• **TASK PROMPT**: Could you give the entries again, exactly as written?

• **MATERIAL FOR THE TASK**:
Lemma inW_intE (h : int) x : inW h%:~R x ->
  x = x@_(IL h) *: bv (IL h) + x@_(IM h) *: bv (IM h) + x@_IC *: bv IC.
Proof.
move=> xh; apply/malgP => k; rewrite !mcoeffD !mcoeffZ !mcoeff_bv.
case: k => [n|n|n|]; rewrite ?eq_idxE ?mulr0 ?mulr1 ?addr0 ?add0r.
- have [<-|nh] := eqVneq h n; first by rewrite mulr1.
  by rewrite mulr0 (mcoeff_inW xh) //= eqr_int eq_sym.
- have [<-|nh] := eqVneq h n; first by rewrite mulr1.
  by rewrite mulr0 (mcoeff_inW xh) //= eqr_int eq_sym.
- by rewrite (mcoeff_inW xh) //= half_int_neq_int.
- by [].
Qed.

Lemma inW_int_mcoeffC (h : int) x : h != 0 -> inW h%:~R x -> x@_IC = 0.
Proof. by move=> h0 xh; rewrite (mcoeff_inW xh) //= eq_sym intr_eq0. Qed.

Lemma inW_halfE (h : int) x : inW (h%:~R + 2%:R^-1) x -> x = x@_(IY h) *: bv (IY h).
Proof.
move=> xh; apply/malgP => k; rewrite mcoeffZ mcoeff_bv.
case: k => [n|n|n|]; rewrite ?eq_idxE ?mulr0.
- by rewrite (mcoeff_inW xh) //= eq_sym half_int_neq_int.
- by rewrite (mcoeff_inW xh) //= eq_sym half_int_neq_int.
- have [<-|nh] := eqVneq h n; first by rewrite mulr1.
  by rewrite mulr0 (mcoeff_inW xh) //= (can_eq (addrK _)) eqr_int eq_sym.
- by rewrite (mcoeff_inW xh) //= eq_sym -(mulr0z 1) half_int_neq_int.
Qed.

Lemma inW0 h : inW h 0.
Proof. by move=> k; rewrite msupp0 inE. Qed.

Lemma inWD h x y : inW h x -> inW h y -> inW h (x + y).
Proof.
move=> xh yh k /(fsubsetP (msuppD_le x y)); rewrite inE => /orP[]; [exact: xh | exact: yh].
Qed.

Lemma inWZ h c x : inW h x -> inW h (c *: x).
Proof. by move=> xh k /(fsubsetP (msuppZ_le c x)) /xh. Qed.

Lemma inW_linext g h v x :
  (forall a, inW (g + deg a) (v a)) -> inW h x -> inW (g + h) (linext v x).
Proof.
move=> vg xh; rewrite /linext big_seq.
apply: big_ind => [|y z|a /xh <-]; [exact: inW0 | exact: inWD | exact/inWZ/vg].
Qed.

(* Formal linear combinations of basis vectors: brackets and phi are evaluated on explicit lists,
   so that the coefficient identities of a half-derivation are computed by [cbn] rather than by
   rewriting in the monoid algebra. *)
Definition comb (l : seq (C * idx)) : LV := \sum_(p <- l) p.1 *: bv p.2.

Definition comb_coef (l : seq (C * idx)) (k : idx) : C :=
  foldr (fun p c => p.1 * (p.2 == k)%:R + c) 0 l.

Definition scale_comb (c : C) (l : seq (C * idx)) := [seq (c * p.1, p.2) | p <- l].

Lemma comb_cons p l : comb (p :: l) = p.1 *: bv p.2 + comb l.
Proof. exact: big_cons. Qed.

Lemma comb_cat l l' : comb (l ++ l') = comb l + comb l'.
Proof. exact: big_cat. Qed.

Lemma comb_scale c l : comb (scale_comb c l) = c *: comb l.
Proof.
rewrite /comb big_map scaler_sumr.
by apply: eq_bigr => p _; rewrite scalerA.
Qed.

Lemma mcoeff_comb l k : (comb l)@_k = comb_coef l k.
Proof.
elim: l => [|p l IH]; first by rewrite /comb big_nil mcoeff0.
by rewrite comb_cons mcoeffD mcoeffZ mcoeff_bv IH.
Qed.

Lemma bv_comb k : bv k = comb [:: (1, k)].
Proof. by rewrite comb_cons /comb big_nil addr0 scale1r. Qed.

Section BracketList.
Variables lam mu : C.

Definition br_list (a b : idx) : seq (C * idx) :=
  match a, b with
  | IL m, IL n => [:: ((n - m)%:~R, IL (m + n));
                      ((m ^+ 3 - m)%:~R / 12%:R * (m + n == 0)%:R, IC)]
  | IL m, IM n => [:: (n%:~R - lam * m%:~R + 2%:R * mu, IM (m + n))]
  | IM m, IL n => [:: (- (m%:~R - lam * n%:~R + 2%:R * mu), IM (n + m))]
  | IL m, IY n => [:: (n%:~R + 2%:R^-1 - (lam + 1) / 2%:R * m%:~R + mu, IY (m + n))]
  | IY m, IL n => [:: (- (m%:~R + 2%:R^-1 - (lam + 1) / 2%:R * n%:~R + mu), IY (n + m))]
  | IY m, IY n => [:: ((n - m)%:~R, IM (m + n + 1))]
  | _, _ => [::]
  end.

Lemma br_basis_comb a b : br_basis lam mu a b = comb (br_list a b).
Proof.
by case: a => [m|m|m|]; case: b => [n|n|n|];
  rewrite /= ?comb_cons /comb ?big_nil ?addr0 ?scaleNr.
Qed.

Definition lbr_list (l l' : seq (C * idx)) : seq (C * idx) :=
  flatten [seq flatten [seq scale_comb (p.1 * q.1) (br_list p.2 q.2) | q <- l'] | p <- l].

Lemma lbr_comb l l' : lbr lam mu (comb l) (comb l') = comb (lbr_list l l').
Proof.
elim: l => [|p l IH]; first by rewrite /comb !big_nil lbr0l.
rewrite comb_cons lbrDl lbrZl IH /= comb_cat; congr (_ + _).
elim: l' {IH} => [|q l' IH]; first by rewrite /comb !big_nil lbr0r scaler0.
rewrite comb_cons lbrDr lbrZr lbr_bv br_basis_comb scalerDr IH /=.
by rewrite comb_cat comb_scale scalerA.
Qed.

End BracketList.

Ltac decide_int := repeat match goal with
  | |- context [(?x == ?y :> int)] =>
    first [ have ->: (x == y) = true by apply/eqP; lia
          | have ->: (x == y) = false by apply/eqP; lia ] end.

• **OUTPUT FOR THIS TASK**:
Lemma inW_intE (h : int) x : inW h%:~R x ->
  x = x@_(IL h) *: bv (IL h) + x@_(IM h) *: bv (IM h) + x@_IC *: bv IC.
Proof.
move=> xh; apply/malgP => k; rewrite !mcoeffD !mcoeffZ !mcoeff_bv.
case: k => [n|n|n|]; rewrite ?eq_idxE ?mulr0 ?mulr1 ?addr0 ?add0r.
- have [<-|nh] := eqVneq h n; first by rewrite mulr1.
  by rewrite mulr0 (mcoeff_inW xh) //= eqr_int eq_sym.
- have [<-|nh] := eqVneq h n; first by rewrite mulr1.
  by rewrite mulr0 (mcoeff_inW xh) //= eqr_int eq_sym.
- by rewrite (mcoeff_inW xh) //= half_int_neq_int.
- by [].
Qed.

Lemma inW_int_mcoeffC (h : int) x : h != 0 -> inW h%:~R x -> x@_IC = 0.
Proof. by move=> h0 xh; rewrite (mcoeff_inW xh) //= eq_sym intr_eq0. Qed.

Lemma inW_halfE (h : int) x : inW (h%:~R + 2%:R^-1) x -> x = x@_(IY h) *: bv (IY h).
Proof.
move=> xh; apply/malgP => k; rewrite mcoeffZ mcoeff_bv.
case: k => [n|n|n|]; rewrite ?eq_idxE ?mulr0.
- by rewrite (mcoeff_inW xh) //= eq_sym half_int_neq_int.
- by rewrite (mcoeff_inW xh) //= eq_sym half_int_neq_int.
- have [<-|nh] := eqVneq h n; first by rewrite mulr1.
  by rewrite mulr0 (mcoeff_inW xh) //= (can_eq (addrK _)) eqr_int eq_sym.
- by rewrite (mcoeff_inW xh) //= eq_sym -(mulr0z 1) half_int_neq_int.
Qed.

Lemma inW0 h : inW h 0.
Proof. by move=> k; rewrite msupp0 inE. Qed.

Lemma inWD h x y : inW h x -> inW h y -> inW h (x + y).
Proof.
move=> xh yh k /(fsubsetP (msuppD_le x y)); rewrite inE => /orP[]; [exact: xh | exact: yh].
Qed.

Lemma inWZ h c x : inW h x -> inW h (c *: x).
Proof. by move=> xh k /(fsubsetP (msuppZ_le c x)) /xh. Qed.

Lemma inW_linext g h v x :
  (forall a, inW (g + deg a) (v a)) -> inW h x -> inW (g + h) (linext v x).
Proof.
move=> vg xh; rewrite /linext big_seq.
apply: big_ind => [|y z|a /xh <-]; [exact: inW0 | exact: inWD | exact/inWZ/vg].
Qed.

(* Formal linear combinations of basis vectors: brackets and phi are evaluated on explicit lists,
   so that the coefficient identities of a half-derivation are computed by [cbn] rather than by
   rewriting in the monoid algebra. *)
Definition comb (l : seq (C * idx)) : LV := \sum_(p <- l) p.1 *: bv p.2.

Definition comb_coef (l : seq (C * idx)) (k : idx) : C :=
  foldr (fun p c => p.1 * (p.2 == k)%:R + c) 0 l.

Definition scale_comb (c : C) (l : seq (C * idx)) := [seq (c * p.1, p.2) | p <- l].

Lemma comb_cons p l : comb (p :: l) = p.1 *: bv p.2 + comb l.
Proof. exact: big_cons. Qed.

Lemma comb_cat l l' : comb (l ++ l') = comb l + comb l'.
Proof. exact: big_cat. Qed.

Lemma comb_scale c l : comb (scale_comb c l) = c *: comb l.
Proof.
rewrite /comb big_map scaler_sumr.
by apply: eq_bigr => p _; rewrite scalerA.
Qed.

Lemma mcoeff_comb l k : (comb l)@_k = comb_coef l k.
Proof.
elim: l => [|p l IH]; first by rewrite /comb big_nil mcoeff0.
by rewrite comb_cons mcoeffD mcoeffZ mcoeff_bv IH.
Qed.

Lemma bv_comb k : bv k = comb [:: (1, k)].
Proof. by rewrite comb_cons /comb big_nil addr0 scale1r. Qed.

Section BracketList.
Variables lam mu : C.

Definition br_list (a b : idx) : seq (C * idx) :=
  match a, b with
  | IL m, IL n => [:: ((n - m)%:~R, IL (m + n));
                      ((m ^+ 3 - m)%:~R / 12%:R * (m + n == 0)%:R, IC)]
  | IL m, IM n => [:: (n%:~R - lam * m%:~R + 2%:R * mu, IM (m + n))]
  | IM m, IL n => [:: (- (m%:~R - lam * n%:~R + 2%:R * mu), IM (n + m))]
  | IL m, IY n => [:: (n%:~R + 2%:R^-1 - (lam + 1) / 2%:R * m%:~R + mu, IY (m + n))]
  | IY m, IL n => [:: (- (m%:~R + 2%:R^-1 - (lam + 1) / 2%:R * n%:~R + mu), IY (n + m))]
  | IY m, IY n => [:: ((n - m)%:~R, IM (m + n + 1))]
  | _, _ => [::]
  end.

Lemma br_basis_comb a b : br_basis lam mu a b = comb (br_list a b).
Proof.
by case: a => [m|m|m|]; case: b => [n|n|n|];
  rewrite /= ?comb_cons /comb ?big_nil ?addr0 ?scaleNr.
Qed.

Definition lbr_list (l l' : seq (C * idx)) : seq (C * idx) :=
  flatten [seq flatten [seq scale_comb (p.1 * q.1) (br_list p.2 q.2) | q <- l'] | p <- l].

Lemma lbr_comb l l' : lbr lam mu (comb l) (comb l') = comb (lbr_list l l').
Proof.
elim: l => [|p l IH]; first by rewrite /comb !big_nil lbr0l.
rewrite comb_cons lbrDl lbrZl IH /= comb_cat; congr (_ + _).
elim: l' {IH} => [|q l' IH]; first by rewrite /comb !big_nil lbr0r scaler0.
rewrite comb_cons lbrDr lbrZr lbr_bv br_basis_comb scalerDr IH /=.
by rewrite comb_cat comb_scale scalerA.
Qed.

End BracketList.

Ltac decide_int := repeat match goal with
  | |- context [(?x == ?y :> int)] =>
    first [ have ->: (x == y) = true by apply/eqP; lia
          | have ->: (x == y) = false by apply/eqP; lia ] end.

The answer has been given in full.